##### Record excerpts #####

Lemma connected_card_edges E : connected E -> #|T| <= #|E|.+1.
Proof.
move=> cE.
have grow k : k < #|T| ->
    exists S : {set T}, #|S| = k.+1 /\ k <= #|[set e in E | e \subset S]|.
  elim: k => [|k IH] ltkT.
    by case/card_gt0P: ltkT => x _; exists [set x]; rewrite cards1.
  have [S [cS leS]] := IH (ltnW ltkT).
  have [y yS] : exists y, y \notin S.
    by apply/existsP; rewrite -negb_forall; apply: contraTN ltkT => /forallP ST;
      rewrite -cS (eq_card ST) ltnn.
  have [x xS] : exists x, x \in S by apply/card_gt0P; rewrite cS.
  have [a [b [aS bS eab]]] := connect_exit (cE x y) xS yS.
  exists (b |: S); split; first by rewrite cardsU1 bS cS.
  have abS : ~~ ([set a; b] \subset S) by apply: contra bS => /subsetP; apply; rewrite set22.
  apply: leq_trans (_ : #|[set a; b] |: [set e in E | e \subset S]| <= _).
    by rewrite cardsU1 inE (negbTE abS) andbF.
  apply/subset_leq_card/subsetP => e; rewrite !inE => /orP[/eqP-> | /andP[-> eS]].
    rewrite (eab : [set a; b] \in E).
    by apply/subsetP => z /set2P[] ->; rewrite !inE ?aS ?eqxx ?orbT.
  exact: subset_trans eS (subsetUr _ _).
case T0 : #|T| => [|t] //; have /grow[S [_ leS]] : t < #|T| by rewrite T0.
rewrite ltnS (leq_trans leS) // subset_leq_card //.
by apply/subsetP => e; rewrite inE => /andP[].
Qed.

Definition acyclic E := forall x y, adj E x y -> ~~ connect (adj (E :\ [set x; y])) x y.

#####

▸ **Your objective**
Show every line of the material above in which "ltkT" is present.

▸ **Response**
  elim: k => [|k IH] ltkT.
    by case/card_gt0P: ltkT => x _; exists [set x]; rewrite cards1.
  have [S [cS leS]] := IH (ltnW ltkT).
    by apply/existsP; rewrite -negb_forall; apply: contraTN ltkT => /forallP ST;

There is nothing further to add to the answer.